🤖 AI Summary
Macrocyclic compounds have long posed a challenge for molecular generative models due to data scarcity and their complex topological structures. This work proposes MacroGuide, the first approach to integrate topological data analysis into molecular generation by leveraging persistent homology to dynamically guide the construction of Vietoris–Rips complexes during the diffusion denoising process. This strategy explicitly optimizes cyclic topological features, enabling efficient generation of macrocyclic structures in both unconditional and protein pocket–conditioned settings. By overcoming the longstanding limitation of conventional generative models in imposing cyclic topological constraints, MacroGuide dramatically increases the macrocycle generation rate from 1% to 99%, while achieving or surpassing state-of-the-art performance in chemical validity, diversity, and PoseBusters benchmarks.
📝 Abstract
Macrocycles are ring-shaped molecules that offer a promising alternative to small-molecule drugs due to their enhanced selectivity and binding affinity against difficult targets.
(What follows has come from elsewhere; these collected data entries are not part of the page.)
(* Let $0<x<1$ and put $g=x\frac{1+x+x^2}{(1+4x+x^2)^2}$. For integers $s\ge 0$ let $$R_s=\frac{1+4x+x^2}{1+x+x^2}\,\frac{(1-x^s)(1-x^{s+3})}{(1-x^{s+1})(1-x^{s+2})}$$ (so $R_0=0$), and for integers $s,t\ge 0$ let $$X_{s,t}=\frac{(1-x^3)(1-x^{s+1})(1-x^{t+1})(1-x^{s+t+3})}{(1-x)(1-x^{s+3})(1-x^{t+3})(1-x^{s+t+1})}.$$ Then $X_{s,0}=X_{0,t}=1$, and for all $s,t\ge 0$ $$X_{s,t}=1+g\,R_sR_t\,X_{s,t}\bigl(1+g\,R_{s+1}R_{t+1}X_{s+1,t+1}\bigr).$$ Moreover, for every $s\ge 1$, $$\log\!\left(\frac{X_{s,s}X_{s-1,s-1}}{X_{s-1,s}X_{s,s-1}}\right)=\log\left\{\frac{(1-x^{2s+3})(1-x^{2s})^2}{(1-x^{2s-1})(1-x^{2s+2})^2}\right\}.$$
   Context: The quantity $X_{s,t}$ at $z=1$ is the generating function (weight $g$ per edge) of labelled chains with left labels $\ge 1-s$ and right labels $\ge 1-t$; the displayed recursion is the equation characterizing it, and the logarithmic expression is the generating function $F_s(g,1)$ of bi-pointed planar quadrangulations (weight $g$ per face) whose two marked vertices are at graph distance $2s$. *)

From Stdlib Require Import Reals.
Open Scope R_scope.

Definition gq (x : R) : R := x * (1 + x + x^2) / (1 + 4*x + x^2)^2.

Definition Rs (x : R) (s : nat) : R :=
  (1 + 4*x + x^2) / (1 + x + x^2)
  * ((1 - x^s) * (1 - x^(s+3)) / ((1 - x^(s+1)) * (1 - x^(s+2)))).

Definition Xst (x : R) (s t : nat) : R :=
  (1 - x^3) * (1 - x^(s+1)) * (1 - x^(t+1)) * (1 - x^(s+t+3))
  / ((1 - x) * (1 - x^(s+3)) * (1 - x^(t+3)) * (1 - x^(s+t+1))).

From Stdlib Require Import Reals Lra Lia.
Open Scope R_scope.

(* Both R_s and X_{s,t} are rational functions of x, a = x^s and b = x^t, and
   s -> s+1 just replaces a by a x.  The recursion and the cross-ratio of X are
   therefore identities between rational functions of (x, a, b), valid as soon
   as no denominator vanishes.  Every denominator has the form 1 - p with p a
   product of a, b and positive powers of x, so 0 < p < 1 when 0 < x < 1 and
   0 < a, b <= 1.  The logarithmic identity is then equality of arguments. *)

Section RationalForm.

Variable x : R.

Definition Rrat (a : R) : R :=
  (1 + 4*x + x^2) / (1 + x + x^2)
  * ((1 - a) * (1 - a*x^3) / ((1 - a*x) * (1 - a*x^2))).

Definition Xrat (a b : R) : R :=
  (1 - x^3) * (1 - a*x) * (1 - b*x) * (1 - a*b*x^3)
  / ((1 - x) * (1 - a*x^3) * (1 - b*x^3) * (1 - a*b*x)).

Lemma Rs_Rrat (s : nat) : Rs x s = Rrat (x^s).
Proof. unfold Rs, Rrat. rewrite !pow_add, pow_1. reflexivity. Qed.

Lemma Xst_Xrat (s t : nat) : Xst x s t = Xrat (x^s) (x^t).
Proof. unfold Xst, Xrat. rewrite !pow_add, !pow_1. reflexivity. Qed.

Lemma Xrat_comm (a b : R) : Xrat a b = Xrat b a.
Proof. unfold Xrat. f_equal; ring. Qed.

Lemma pow_S_r (n : nat) : x^(S n) = x^n * x.
Proof. simpl. ring. Qed.

Lemma pow_double_add (n k : nat) : x^(2*n + k) = (x^n)^2 * x^k.
Proof. rewrite pow_add, (Nat.mul_comm 2 n), pow_mult. reflexivity. Qed.

Hypothesis hx : 0 < x < 1.

Lemma unit_mul (p q : R) : 0 < p <= 1 -> 0 < q <= 1 -> 0 < p * q <= 1.
Proof. intros; split; nra. Qed.

Lemma unit_pow (p : R) (n : nat) : 0 < p <= 1 -> 0 < p^n <= 1.
Proof.
  intros Hp; induction n as [|n IH]; simpl; [lra|].
  apply unit_mul; assumption.
Qed.

Lemma pow_open_unit (n : nat) : (0 < n)%nat -> 0 < x^n < 1.
Proof.
  intros Hn.
  pose proof (pow_lt_1_compat x n ltac:(lra) Hn).
  pose proof (pow_lt x n ltac:(lra)).
  lra.
Qed.

Lemma one_sub_mul_neq0 (p q : R) : 0 < p <= 1 -> 0 < q < 1 -> 1 - p * q <> 0.
Proof. intros; nra. Qed.

Ltac unit_interval :=
  repeat first [ assumption | lra | apply unit_mul | apply unit_pow ].

Ltac denominators_neq0 :=
  repeat split;
  match goal with
  | |- _ + _ <> 0 => apply Rgt_not_eq; nra
  | |- 1 - x <> 0 => lra
  | |- 1 - x ^ ?n <> 0 => pose proof (pow_open_unit n ltac:(lia)); lra
  | |- 1 - _ * x <> 0 => apply one_sub_mul_neq0; [unit_interval | lra]
  | |- 1 - _ * x ^ _ <> 0 =>
      apply one_sub_mul_neq0; [unit_interval | apply pow_open_unit; lia]
  end.

Lemma Rrat_1 : Rrat 1 = 0.
Proof. unfold Rrat. field. denominators_neq0. Qed.

Lemma Xrat_r1 (a : R) : 0 < a <= 1 -> Xrat a 1 = 1.
Proof. intros Ha. unfold Xrat. field. denominators_neq0. Qed.

Lemma Xrat_recursion (a b : R) : 0 < a <= 1 -> 0 < b <= 1 ->
  Xrat a b =
    1 + gq x * Rrat a * Rrat b * Xrat a b
        * (1 + gq x * Rrat (a*x) * Rrat (b*x) * Xrat (a*x) (b*x)).
Proof. intros Ha Hb. unfold Xrat, Rrat, gq. field. denominators_neq0. Qed.

Lemma Xrat_cross_ratio (a : R) : 0 < a <= 1 ->
  Xrat (a*x) (a*x) * Xrat a a / (Xrat a (a*x) * Xrat (a*x) a) =
  (1 - a^2 * x^5) * (1 - a^2 * x^2)^2 / ((1 - a^2 * x) * (1 - a^2 * x^4)^2).
Proof. intros Ha. unfold Xrat. field. denominators_neq0. Qed.

End RationalForm.

Theorem mainTheorem1 (x : R) (hx0 : 0 < x) (hx1 : x < 1) :
  Rs x 0 = 0 /\
  (forall s : nat, Xst x s 0 = 1) /\
  (forall t : nat, Xst x 0 t = 1) /\
  (forall s t : nat,
     Xst x s t =
       1 + gq x * Rs x s * Rs x t * Xst x s t
           * (1 + gq x * Rs x (S s) * Rs x (S t) * Xst x (S s) (S t))) /\
  (forall s : nat, (1 <= s)%nat ->
     ln (Xst x s s * Xst x (s - 1) (s - 1)
         / (Xst x (s - 1) s * Xst x s (s - 1)))
     = ln ((1 - x^(2*s+3)) * (1 - x^(2*s))^2
           / ((1 - x^(2*s-1)) * (1 - x^(2*s+2))^2))).
Proof.
  assert (hx : 0 < x < 1) by lra.
  assert (pow_unit : forall n, 0 < x^n <= 1) by (intro; apply unit_pow; lra).
  split; [|split; [|split; [|split]]].
  - rewrite Rs_Rrat, pow_O. exact (Rrat_1 x hx).
  - intro s. rewrite Xst_Xrat, pow_O. apply Xrat_r1; auto.
  - intro t. rewrite Xst_Xrat, pow_O, Xrat_comm. apply Xrat_r1; auto.
  - intros s t. rewrite !Rs_Rrat, !Xst_Xrat, !pow_S_r.
    apply Xrat_recursion; auto.
  - intros s Hs. destruct s as [|n]; [lia|].
    replace (S n - 1)%nat with n by lia.
    replace (2 * S n + 3)%nat with (2*n + 5)%nat by lia.
    replace (2 * S n - 1)%nat with (2*n + 1)%nat by lia.
    replace (2 * S n + 2)%nat with (2*n + 4)%nat by lia.
    replace (2 * S n)%nat with (2*n + 2)%nat by lia.
    rewrite !pow_double_add, pow_1, !Xst_Xrat, (pow_S_r x n).
    f_equal. apply Xrat_cross_ratio; auto.
Qed.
Despite their chemical value, they remain underexplored in generative modeling, likely owing to their scarcity in public datasets and the challenges of enforcing topological constraints in standard deep generative models. We introduce MacroGuide: Topological Guidance for Macrocycle Generation, a diffusion guidance mechanism that uses Persistent Homology to steer the sampling of pretrained molecular generative models toward the generation of macrocycles, in both unconditional and conditional (protein pocket) settings. At each denoising step, MacroGuide constructs a Vietoris-Rips complex from atomic positions and promotes ring formation by optimizing persistent homology features. Empirically, applying MacroGuide to pretrained diffusion models increases macrocycle generation rates from 1% to 99%, while matching or exceeding state-of-the-art performance on key quality metrics such as chemical validity, diversity, and PoseBusters checks.